### [EXTRACTED DATA]
******

(* Let $d\ge 3$ and $h\ge 1$. The exponent of the sandpile group $G(d,h)$ equals $$(d-1)^h\cdot \operatorname{lcm}\{\,d\,\theta(d,h+1),\ \theta(d,h),\ \theta(d,h-1),\ \dots,\ \theta(d,2)\,\},$$ where $\theta(d,n) := \frac{(d-1)^n-1}{d-2}$.
   Context: Let $\mathcal{T}(d,h)$ be the rooted tree in which the root $0$ has $d$ children, every vertex at distance $1,\dots,h-1$ from the root has $d-1$ children, and the vertices at distance $h$ (leaves) have no children (the ball of radius $h$ in the infinite $d$-regular tree). Let $V$ be its vertex set, $A$ its adjacency matrix, $\Delta := dI-A$, and $\Lambda\subset\mathbb{Z}^V$ the lattice spanned by the rows of $\Delta$. Then $G(d,h) := \mathbb{Z}^V/\Lambda$. The exponent of a finite abelian group is the least common multiple of the orders of its elements (equivalently the largest order of an element). *)

From mathcomp Require Import all_boot all_order all_algebra.
Set Implicit Arguments. Unset Strict Implicit. Unset Printing Implicit Defensive.
Import Order.TTheory GRing.Theory Num.Theory.

(* Vertices of T(d,h) are encoded as sequences of child indices along the
   path from the root: the root is [::]; the root's children are [:: i]
   with i < d; a vertex s at depth k (1 <= k < h) has children rcons s i
   with i < d-1. *)
Fixpoint tree_level (d k : nat) : seq (seq nat) :=
  match k with
  | 0 => [:: [::]]
  | 1 => [seq [:: i] | i <- iota 0 d]
  | k'.+1 => [seq rcons s i | s <- tree_level d k', i <- iota 0 d.-1]
  end.

Definition tree_verts (d h : nat) : seq (seq nat) :=
  flatten [seq tree_level d k | k <- iota 0 h.+1].

Definition tree_parent (u v : seq nat) : bool :=
  (v != [::]) && (take (size v).-1 v == u).

Definition tree_adj (u v : seq nat) : bool := tree_parent u v || tree_parent v u.

Definition Delta (d : nat) (u v : seq nat) : int :=
  (d%:Z * (u == v)%:Z - (tree_adj u v)%:Z)%R.

(* x (an element of Z^V, given by its values on V) lies in the lattice
   Lambda spanned by the rows of Delta. *)
Definition in_Lambda (d h : nat) (x : seq nat -> int) : Prop :=
  exists c : seq nat -> int, forall v, v \in tree_verts d h ->
    x v = (\sum_(u <- tree_verts d h) c u * Delta d u v)%R.

Definition annihilates (d h e : nat) : Prop :=
  forall x : seq nat -> int, in_Lambda d h (fun v => (e%:Z * x v)%R).

Definition is_exponent_G (d h e : nat) : Prop :=
  0 < e /\ annihilates d h e /\ forall e', 0 < e' -> annihilates d h e' -> e <= e'.

(* theta(d,n) = ((d-1)^n - 1)/(d-2)  (exact division for d >= 3) *)
Definition theta (d n : nat) : nat := ((d.-1) ^ n - 1) %/ (d - 2).

Definition lcm_seq (s : seq nat) : nat := foldr lcmn 1 s.

(* Write q = d - 1 and N k = 1 + q + ... + q^(k-1) = theta(d,k).  Over Q the
   Laplacian Δ is invertible, and its column at a leaf l is explicit: at a vertex
   u it equals a_m * N (h + 1 - |u|), where m is the depth at which the path to u
   leaves the path to l, a_0 = 1 / (d q^h N (h+1)) and
   a_(m+1) - a_m = 1 / (N (h+1-m) N (h-m)).
   Upper bound: with e = q^h lcm(d N(h+1), N h, ..., N 2) every e a_m is an
   integer, because 1 / (N k N (k+1)) = (1 / N k - 1 / N (k+1)) / q^k; hence e
   times each leaf indicator lies in Λ, and the rows of Δ propagate this from the
   leaves to all vertices.
   Lower bound: if e kills the indicator of the leaf 0...0, pairing with the
   columns at leaves branching off at every depth m shows that all e a_m are
   integers, i.e. d q^h N (h+1) and every N k N (k+1) divide e; as q is coprime
   to d and to every N k, this means q^h lcm(...) divides e. *)

From mathcomp Require Import all_boot all_order all_algebra.
From mathcomp Require Import zify ring.
Set Implicit Arguments. Unset Strict Implicit. Unset Printing Implicit Defensive.
Import Order.TTheory GRing.Theory Num.Theory.

Lemma sum_mul_eq_seq (R : pzSemiRingType) (T : eqType) (s : seq T) x (F : T -> R) :
  uniq s -> x \in s -> (\sum_(u <- s) F u * (u == x)%:R = F x)%R.
Proof.
move=> us xs; rewrite (bigD1_seq x) //= eqxx mulr1 big1 ?addr0 //.
by move=> u /negbTE ->; rewrite mulr0.
Qed.

Lemma sum_iota_eq (R : pzRingType) n c (F : bool -> R) : (c < n)%N ->
  (\sum_(i <- iota 0 n) F (c == i) = F true + n.-1%:R * F false)%R.
Proof.
move=> cn.
have E i : F (c == i) = (F false + (F true - F false) * (i == c)%:R)%R.
  by rewrite eq_sym; case: (i == c); rewrite ?mulr1 ?mulr0 ?addr0 // addrC subrK.
under eq_bigr do rewrite E.
rewrite big_split /= sum_mul_eq_seq ?mem_iota ?iota_uniq //.
rewrite big_const_seq count_predT size_iota iter_addr_0.
by case: n cn => // n _; rewrite mulr_natl mulrSr -addrA subrKC addrC.
Qed.

Lemma dvdn_Qint (m n : nat) : 0 < n -> (n %| m) = ((m%:R / n%:R : rat) \is a Num.int)%R.
Proof.
move=> n_gt0; apply/idP/idP => [/Qnat_dvd | /intrP [z hz]].
  by rewrite natrEint => /andP[].
have nn : (n%:R : rat) != 0%R by rewrite pnatr_eq0 -lt0n.
have /(congr1 absz) : (m%:Z = z * n%:Z)%R.
  by apply: (@intr_inj rat); rewrite intrM -!pmulrn -hz divfK.
by rewrite abszM /= => ->; apply: dvdn_mull.
Qed.

Lemma dvdn_lcm_seq s n : (lcm_seq s %| n) = all (dvdn^~ n) s.
Proof. by elim: s => [|a s IH] /=; rewrite ?dvd1n // dvdn_lcm IH. Qed.

Lemma lcm_seq_gt0 s : all (leq 1) s -> 0 < lcm_seq s.
Proof. by elim: s => //= a s IH /andP[a_gt0 /IH]; rewrite lcmn_gt0 a_gt0. Qed.

Lemma coprime_lcm_seq p s : all (coprime p) s -> coprime p (lcm_seq s).
Proof.
elim: s => [|a s IH] /=; first by rewrite coprimen1.
case/andP=> pa /IH ps; apply: coprime_dvdr (_ : lcmn a _ %| a * lcm_seq s) _.
  by rewrite dvdn_lcm dvdn_mulr ?dvdn_mull.
by rewrite coprimeMr pa.
Qed.

Fixpoint repunit (q k : nat) : nat := if k is k'.+1 then q * repunit q k' + 1 else 0.

Lemma repunit_gt0 q k : 0 < k -> 0 < repunit q k.
Proof. by case: k => // k _; rewrite /= addn1. Qed.

Lemma repunitSr q k : repunit q k.+1 = repunit q k + q ^ k.
Proof.
elim: k => [|k IH]; first by rewrite /= muln0.
change (q * repunit q k.+1 + 1 = repunit q k.+1 + q ^ k.+1).
by rewrite {1}IH [repunit q k.+1]/= expnS; ring.
Qed.

Lemma repunit_recurrence q k : q.+1 * repunit q k.+1 = repunit q k.+2 + q * repunit q k.
Proof. by rewrite /=; ring. Qed.

Lemma coprime_repunit q k : 0 < k -> coprime q (repunit q k).
Proof.
case: k => // k _; rewrite /= -coprime_modr mulnC modnMDl coprime_modr.
exact: coprimen1.
Qed.

Lemma theta_repunit d k : 2 < d -> theta d k = repunit d.-1 k.
Proof.
move=> hd; rewrite /theta.
have -> : d.-1 = (d - 2).+1 by lia.
suff -> : (d - 2).+1 ^ k - 1 = (d - 2) * repunit (d - 2).+1 k by rewrite mulKn //; lia.
elim: k => [|k IH]; first by rewrite expn0 muln0.
have := expn_gt0 (d - 2).+1 k; rewrite ltn0Sn /= expnS; nia.
Qed.

(** * Vertices of T(d,h) *)

Definition tree_word (d : nat) (s : seq nat) : bool :=
  if s is a :: t then (a < d) && all (fun i => i < d.-1) t else true.

Lemma tree_word_rcons d s i :
  tree_word d (rcons s i) = tree_word d s && (i < (if s is [::] then d else d.-1)).
Proof.
case: s => [|a t]; first by rewrite /= andbT.
rewrite rcons_cons /= all_rcons.
by case: (a < d); case: (i < d.-1); case: (all _ t).
Qed.

Lemma tree_word_take d n s : tree_word d s -> tree_word d (take n s).
Proof.
case: s n => [|a t] [|n] //= /andP[-> /allP ht].
by apply/allP => x /mem_take /ht.
Qed.

Lemma tree_levelSS d k :
  tree_level d k.+2 = [seq rcons s i | s <- tree_level d k.+1, i <- iota 0 d.-1].
Proof. by []. Qed.
Lemma fk_flip_edge_gap eta e m : eta e = false ->
  exists2 c, 0 < c & (1 - m) * w (flip_edge e eta) - m * w eta = c * (fk_cond_open eta e - m).
Proof.
move=> etae.
set X := (\prod_(f | f != e) edge_weight p (eta f)) * q ^+ kcl (flip_edge e eta).
have X_gt0 : 0 < X.
  by apply: mulr_gt0; [apply: prodr_gt0 => f _; apply: edge_weight_gt0 | apply: exprn_gt0].
have prod_flip : \prod_(f | f != e) edge_weight p (flip_edge e eta f) =
                 \prod_(f | f != e) edge_weight p (eta f).
  by apply: eq_bigr => f fe; rewrite flip_edge_ne.
have weights d : kcl eta = (kcl (flip_edge e eta) + d)%N ->
    w (flip_edge e eta) = p * X /\ w eta = (1 - p) * q ^+ d * X.
  move=> kcl_eta; rewrite /fk_weight kcl_eta exprD.
  rewrite [\prod_f _ (flip_edge e eta f)](bigD1 e) // [\prod_f _ (eta f)](bigD1 e) //.
  rewrite flip_edge_at etae prod_flip /X.
  move: (\prod_(f | f != e) _) (q ^+ _) (q ^+ d) => P Q Qd.
  by split; rewrite /=; ring.
rewrite /fk_cond_open; case: (kcl_flip_edge src dst B alpha etae) => kcl_eta.
  rewrite kcl_eta ltn_eqF //; exists X => //.
  by have [-> ->] := weights 0%N (etrans kcl_eta (esym (addn0 _))); ring.
rewrite kcl_eta eqxx; exists (X * (p + q * (1 - p))); first by rewrite mulr_gt0 ?pprime_den_gt0.
have [-> ->] := weights 1%N (etrans kcl_eta (esym (addn1 _))).
by rewrite /pprime; field; rewrite gt_eqF ?pprime_den_gt0.
Qed.

Lemma fk_flip_edge_ler eta e m : eta e = false ->
  (m * w eta <= (1 - m) * w (flip_edge e eta)) = (m <= fk_cond_open eta e).
Proof.
by move=> etae; have [c c_gt0 gap] := fk_flip_edge_gap m etae; rewrite -subr_ge0 gap pmulr_rge0 ?subr_ge0.
Qed.

Lemma fk_flip_edge_ltr eta e m : eta e = false ->
  (m * w eta < (1 - m) * w (flip_edge e eta)) = (m < fk_cond_open eta e).
Proof.
by move=> etae; have [c c_gt0 gap] := fk_flip_edge_gap m etae; rewrite -subr_gt0 gap pmulr_rgt0 ?subr_gt0.
Qed.

Lemma fk_Z_gt0 : 0 < fk_Z src dst B alpha p q.
Proof.
rewrite /fk_Z (bigD1 (all_closed E)) // ltr_wpDr ?fk_weight_gt0 //.
by apply: sumr_ge0 => eta _; apply/ltW/fk_weight_gt0.
Qed.

Definition fk_marginal e0 := fk [set eta : config E | eta e0].

Lemma fk_marginal_gap e0 x :
  (1 - x) * (\sum_(eta : config E | eta e0) w eta) - x * (\sum_(eta : config E | ~~ eta e0) w eta) =
  (fk_marginal e0 - x) * fk_Z src dst B alpha p q.
Proof.
have Z_split : fk_Z src dst B alpha p q =
    \sum_(eta : config E | eta e0) w eta + \sum_(eta : config E | ~~ eta e0) w eta by apply: bigID.
rewrite marginal_gap -?Z_split ?gt_eqF ?fk_Z_gt0 // /fk_marginal /fk_measure.
by congr ((_ / _ - _) * _); apply: eq_bigl => eta; rewrite inE.
Qed.

Lemma fk_marginal_ge0 e0 : 0 <= fk_marginal e0.
Proof.
rewrite divr_ge0 ?(ltW fk_Z_gt0) //.
by apply: sumr_ge0 => eta _; apply/ltW/fk_weight_gt0.
Qed.

Lemma fk_marginal_le1 e0 : fk_marginal e0 <= 1.
Proof.
rewrite ler_pdivrMr ?fk_Z_gt0 // mul1r [leRHS](bigID (mem [set eta : config E | eta e0])) lerDl /=.
by apply: sumr_ge0 => eta _; apply/ltW/fk_weight_gt0.
Qed.

Lemma fk_marginal_gtr m e0 eta0 : m <= Num.min p (pprime p q) ->
  eta0 e0 = false -> m < fk_cond_open eta0 e0 -> m < fk_marginal e0.
Proof.
move=> m_le etae0 m_lt.
rewrite -subr_gt0 -(pmulr_lgt0 _ fk_Z_gt0) -fk_marginal_gap subr_gt0.
rewrite sum_flip_edge !mulr_sumr; apply: (ltr_sum_le_lt (i0 := eta0)); last 2 first.
- by rewrite etae0.
- by rewrite fk_flip_edge_ltr.
by move=> eta /negbTE etae; rewrite fk_flip_edge_ler // (le_trans m_le) ?fk_cond_open_ge_min.
Qed.

Lemma fk_marginal_ltr M e0 eta0 : Num.max p (pprime p q) <= M ->
  eta0 e0 = false -> fk_cond_open eta0 e0 < M -> fk_marginal e0 < M.
Proof.
move=> M_ge etae0 M_gt.
rewrite -subr_gt0 -(pmulr_lgt0 _ fk_Z_gt0) -opprB mulNr -fk_marginal_gap oppr_gt0 subr_lt0.
rewrite sum_flip_edge !mulr_sumr; apply: (ltr_sum_le_lt (i0 := eta0)); last 2 first.
- by rewrite etae0.
- by rewrite ltNge fk_flip_edge_ler // -ltNge.
move=> eta /negbTE etae.
by rewrite leNgt fk_flip_edge_ltr // -leNgt (le_trans _ M_ge) ?fk_cond_open_le_max.
Qed.

Lemma st_dom_prod_fk (pe : E -> R) e0 : (forall e, 0 <= pe e <= 1) ->
  (forall e, e != e0 -> pe e <= Num.min p (pprime p q)) -> pe e0 <= fk_marginal e0 ->
  st_dom (prod_measure pe) fk.
Proof.
move=> pe01 pe_le pe_e0 A A_incr; rewrite /fk_measure ler_pdivlMr ?fk_Z_gt0 // mulrC.
apply: (prod_measure_dominated A_incr pe01 (e0 := e0)) => [e eta ne etae | ].
  by rewrite fk_flip_edge_ler // (le_trans (pe_le e ne)) ?fk_cond_open_ge_min.
by rewrite -subr_ge0 fk_marginal_gap pmulr_lge0 ?fk_Z_gt0 ?subr_ge0.
Qed.

(* Applied to the weights [- w], domination from below turns into domination from above. *)
Lemma st_dom_fk_prod (pe : E -> R) e0 : (forall e, 0 <= pe e <= 1) ->
  (forall e, e != e0 -> Num.max p (pprime p q) <= pe e) -> fk_marginal e0 <= pe e0 ->
  st_dom fk (prod_measure pe).
Proof.
move=> pe01 pe_ge pe_e0 A A_incr.
rewrite /fk_measure ler_pdivrMr ?fk_Z_gt0 // mulrC -lerN2 -mulNr -!sumrN.
apply: (prod_measure_dominated A_incr pe01 (e0 := e0)) => [e eta ne etae | ].
  rewrite !mulrN lerN2 leNgt fk_flip_edge_ltr // -leNgt.
  by rewrite (le_trans _ (pe_ge e ne)) ?fk_cond_open_le_max.
rewrite !sumrN !mulrN lerN2 -subr_ge0 -opprB fk_marginal_gap -mulNr opprB.
by rewrite pmulr_lge0 ?fk_Z_gt0 ?subr_ge0.
Qed.

Lemma min_pprime_ge0 : 0 <= Num.min p (pprime p q).
Proof. by rewrite le_min (ltW pprime_gt0) andbT; case/andP: p01 => /ltW. Qed.

Lemma max_pprime_le1 : Num.max p (pprime p q) <= 1.
Proof. by rewrite ge_max pprime_le1 andbT; case/andP: p01 => _ /ltW. Qed.

Lemma fk_lower_domination m e0 eta0 : 0 <= m -> m <= Num.min p (pprime p q) ->
  eta0 e0 = false -> m < fk_cond_open eta0 e0 ->
  exists eps : E -> R, (forall e, 0 <= eps e <= 1) /\ (exists e, eps e != 0) /\
    st_dom (prod_measure (fun e => m + eps e)) fk.
Proof.
move=> m_ge0 m_le etae0 m_lt.
have m_lt_t := fk_marginal_gtr m_le etae0 m_lt.
have t_le1 := fk_marginal_le1 e0.
exists (fun e => if e == e0 then fk_marginal e0 - m else 0); split; [|split].
- by move=> e; case: eqP => _; rewrite ?lexx ?ler01 //; apply/andP; split; lra.
- by exists e0; rewrite eqxx subr_eq0 gt_eqF.
apply: (st_dom_prod_fk (e0 := e0)) => [e | e /negbTE-> | ]; last first.
- by rewrite eqxx addrC subrK.
- by rewrite addr0.
case: eqP => _; first by rewrite addrC subrK fk_marginal_ge0.
rewrite addr0 m_ge0 (le_trans m_le) // (le_trans _ max_pprime_le1) //.
by rewrite ge_min le_max lexx.
Qed.

Lemma fk_upper_domination M e0 eta0 : M <= 1 -> Num.max p (pprime p q) <= M ->
  eta0 e0 = false -> fk_cond_open eta0 e0 < M ->
  exists eps : E -> R, (forall e, 0 <= eps e <= 1) /\ (exists e, eps e != 0) /\
    st_dom fk (prod_measure (fun e => M - eps e)).
Proof.
move=> M_le1 M_ge etae0 M_gt.
have t_lt_M := fk_marginal_ltr M_ge etae0 M_gt.
have t_ge0 := fk_marginal_ge0 e0.
exists (fun e => if e == e0 then M - fk_marginal e0 else 0); split; [|split].
- by move=> e; case: eqP => _; rewrite ?lexx ?ler01 //; apply/andP; split; lra.
- by exists e0; rewrite eqxx subr_eq0 gt_eqF.
apply: (st_dom_fk_prod (e0 := e0)) => [e | e /negbTE-> | ]; last first.
- by rewrite eqxx subKr.
- by rewrite subr0.
case: eqP => _; first by rewrite subKr t_ge0 fk_marginal_le1.
rewrite subr0 M_le1 andbT (le_trans _ M_ge) // (le_trans min_pprime_ge0) //.
by rewrite ge_min le_max lexx.
Qed.

Lemma fk_cond_open_attains c : connected_graph src dst -> ~ is_tree_Galpha src dst B alpha ->
  (2 <= nb_vertices_Galpha src dst B alpha)%N -> c = p \/ c = pprime p q ->
  exists e, exists2 eta : config E, eta e = false & fk_cond_open eta e = c.
Proof.
move=> connG not_tree two_vertices [-> | ->].
  have [e [eta etae kcl_eq]] := exists_flip_edge_kcl_eq connG not_tree two_vertices.
  by exists e, eta; rewrite // /fk_cond_open kcl_eq ltn_eqF.
have [e [eta etae kcl_succ]] := exists_flip_edge_kcl_succ connG two_vertices.
by exists e, eta; rewrite // /fk_cond_open kcl_succ eqxx.
Qed.

End FKWeight.


Theorem theorem1p1 (V E : finType) (src dst : E -> V)
  (B : {set V}) (alpha : {set {set V}}) (R : realType) :
  (forall e : E, src e != dst e) ->
  connected_graph src dst ->
  partition alpha B ->
  ~ is_tree_Galpha src dst B alpha ->
  (2 <= nb_vertices_Galpha src dst B alpha)%N ->
  forall p q : R, 0 < p < 1 -> 0 < q -> q != 1 ->
  exists eps eps' : E -> R,
    (forall e, 0 <= eps e <= 1) /\ (exists e, eps e != 0) /\
    (forall e, 0 <= eps' e <= 1) /\ (exists e, eps' e != 0) /\
    st_dom (prod_measure (fun e => Num.min p (pprime p q) + eps e))
           (fk_measure src dst B alpha p q) /\
    st_dom (fk_measure src dst B alpha p q)
           (prod_measure (fun e => Num.max p (pprime p q) - eps' e)).
Proof.
move=> _ connG _ not_tree two_vertices p q p01 q_gt0 q_neq1.
set m := Num.min p (pprime p q); set M := Num.max p (pprime p q).
have m_lt_M : m < M.
  by rewrite gt_min !lt_max !ltxx /= orbF orbC -neq_lt (pprime_neq p01 q_gt0 q_neq1).
have m_cases : m = p \/ m = pprime p q by rewrite /m minEle; case: ifP; [left | right].
have M_cases : M = p \/ M = pprime p q by rewrite /M maxEle; case: ifP; [right | left].
have [e1 [eta1 closed1 cond1]] := fk_cond_open_attains connG not_tree two_vertices M_cases.
have [e2 [eta2 closed2 cond2]] := fk_cond_open_attains connG not_tree two_vertices m_cases.
have m_lt_cond1 : m < fk_cond_open src dst B alpha p q eta1 e1 by rewrite cond1.
have cond2_lt_M : fk_cond_open src dst B alpha p q eta2 e2 < M by rewrite cond2.
have [eps [eps01 [eps_nz lower]]] :=
  fk_lower_domination p01 q_gt0 (min_pprime_ge0 p01 q_gt0) (lexx m) closed1 m_lt_cond1.
have [eps' [eps'01 [eps'_nz upper]]] :=
  fk_upper_domination p01 q_gt0 (max_pprime_le1 p01 q_gt0) (lexx M) closed2 cond2_lt_M.
by exists eps, eps'.
Qed.
(* Let $R$ be a $K$-ring with a degree function such that $R\neq K$. Then every connected component of the projective line $\mathbb{P}(R)$ has infinite diameter.
   Context: A ring $R$ (associative, with $1$, unit group $R^*$) is a $K$-ring with a degree function if $K:=R^*\cup\{0\}$ is a (not necessarily commutative) field and there is a function $\deg:R\to\{-\infty\}\cup\{0,1,2,\dots\}$ with: $\deg a=-\infty$ iff $a=0$; $\deg a=0$ iff $a\in R^*$; $\deg(a+b)\le\max\{\deg a,\deg b\}$; $\deg(ab)=\deg a+\deg b$, for all $a,b\in R$. A pair $(a,b)\in R^2$ is admissible if it is the first row of an invertible $2\times2$ matrix over $R$; $\mathbb{P}(R)$ is the set of cyclic submodules $R(a,b)$ of the left module $R^2$ with $(a,b)$ admissible. Two points $R(a,b)$, $R(c,d)$ are distant iff $\begin{pmatrix}a&b\\c&d\end{pmatrix}$ is invertible; connected components and diameter (supremum of path distances within a component) refer to the graph on $\mathbb{P}(R)$ whose edges are pairs of distant points. *)

From HB Require Import structures.
From mathcomp Require Import all_boot all_order all_algebra.
Set Implicit Arguments. Unset Strict Implicit. Unset Printing Implicit Defensive.
Import GRing.Theory.
Local Open Scope ring_scope.

Section KRing.
Variable R : unitRingType.

Definition inK (a : R) : Prop := a = 0 \/ a \is a GRing.unit.

Definition K_is_field : Prop :=
  inK 0 /\ inK 1 /\
  (forall a b, inK a -> inK b -> inK (a + b)) /\
  (forall a, inK a -> inK (- a)) /\
  (forall a b, inK a -> inK b -> inK (a * b)) /\
  (forall a, inK a -> a <> 0 -> exists2 b, inK b & (a * b = 1 /\ b * a = 1)).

******

In the entries above, find every line holding the word "eqxx" and copy it out.

### [ANSWER FOR THIS EXERCISE]
move=> us xs; rewrite (bigD1_seq x) //= eqxx mulr1 big1 ?addr0 //.
rewrite kcl_eta eqxx; exists (X * (p + q * (1 - p))); first by rewrite mulr_gt0 ?pprime_den_gt0.
- by exists e0; rewrite eqxx subr_eq0 gt_eqF.
- by rewrite eqxx addrC subrK.
- by exists e0; rewrite eqxx subr_eq0 gt_eqF.
- by rewrite eqxx subKr.
by exists e, eta; rewrite // /fk_cond_open kcl_succ eqxx.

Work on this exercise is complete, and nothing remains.